## The records
(* The key estimate: with a = <A x, x> and y = conj(a) A x + a A* x we have
   <y, x> = 2|a|^2 and ||y||^2 = |a|^2 (||A x||^2 + ||A* x||^2)
   + 2 Re(conj(a)^2 <A^2 x, x>); Cauchy--Schwarz <y, x> <= ||y|| gives
   4|a|^2 <= ||A x||^2 + ||A* x||^2 + 2 |<A^2 x, x>|. *)
Lemma mixed_bound x : nrm x = 1 ->
  4 * cabs (ip (A x) x) ^+ 2
    <= nrm (A x) ^+ 2 + nrm (Astar x) ^+ 2 + 2 * cabs (ip (A (A x)) x).
Proof.
move=> x1; set a := ip (A x) x; set b := ip (A (A x)) x.
pose t := cabs a ^+ 2; pose P := nrm (A x) ^+ 2; pose Q := nrm (Astar x) ^+ 2.
have adj_a : ip (Astar x) x = conjc a by rewrite ipJ // -hadj.
pose y := (conjc a *: A x) + (a *: Astar x).
have y_x : complex.Re (ip y x) = 2 * t.
  rewrite /y ipDl // (ipZl hip (conjc a)) (ipZl hip a) adj_a -/a.
  by rewrite [conjc a * a]mulrC mulcJ ReD /= -/t; ring.
pose w := conjc a * conjc a * b.
have y_y : nrm y ^+ 2 = t * (P + Q) + 2 * complex.Re w.
  have := ip_self hip y; rewrite /y ip_lincomb_self // conjcc.
  rewrite (ipJ hip (A x) (Astar x)) -(hadj (A x) x) -/b.
  rewrite (ip_self hip (A x)) (ip_self hip (Astar x)) -/P -/Q.
  move=> /(congr1 (@complex.Re R)) /= <-.
  transitivity (complex.Re ((a * conjc a) * (P%:C + Q%:C) + (w + conjc w))).
    by congr complex.Re; rewrite /w !conjcM !conjcc; ring.
  by rewrite ReD Re_addJ mulcJ -/t /=; ring.
have w_le : complex.Re w <= t * cabs b.
  by apply: le_trans (Re_le_cabs _) _; rewrite !cabsM !cabsJ /t expr2.
have t_ge0 : 0 <= t by exact: sqr_ge0.
have two_t_le : 2 * t <= nrm y by have := Re_ip_le hip x y; rewrite y_x x1 mulr1.
have sq_le : t * (4 * t) <= t * (P + Q + 2 * cabs b).
  have : (2 * t) ^+ 2 <= nrm y ^+ 2.
    by rewrite ler_sqr ?nnegrE ?hnorm_ge0 // mulr_ge0.
  rewrite y_y; nra.
change (4 * t <= P + Q + 2 * cabs b).
have [t0|t_neq0] := eqVneq t 0.
  have P_ge0 : 0 <= P := sqr_ge0 _; have Q_ge0 : 0 <= Q := sqr_ge0 _.
  by rewrite t0 mulr0 !addr_ge0 // mulr_ge0 ?cabs_ge0.
by move: sq_le; rewrite ler_pM2l // lt_def t_neq0.
Qed.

## What the exercise asks
From the records above, give again exactly the lines running from the line with "rewrite (ipJ hip" to the line with "have t_ge0 : 0 <= t by exact: sqr_ge0.", inclusive.

## Result for this task
  rewrite (ipJ hip (A x) (Astar x)) -(hadj (A x) x) -/b.
  rewrite (ip_self hip (A x)) (ip_self hip (Astar x)) -/P -/Q.
  move=> /(congr1 (@complex.Re R)) /= <-.
  transitivity (complex.Re ((a * conjc a) * (P%:C + Q%:C) + (w + conjc w))).
    by congr complex.Re; rewrite /w !conjcM !conjcc; ring.
  by rewrite ReD Re_addJ mulcJ -/t /=; ring.
have w_le : complex.Re w <= t * cabs b.
  by apply: le_trans (Re_le_cabs _) _; rewrite !cabsM !cabsJ /t expr2.
have t_ge0 : 0 <= t by exact: sqr_ge0.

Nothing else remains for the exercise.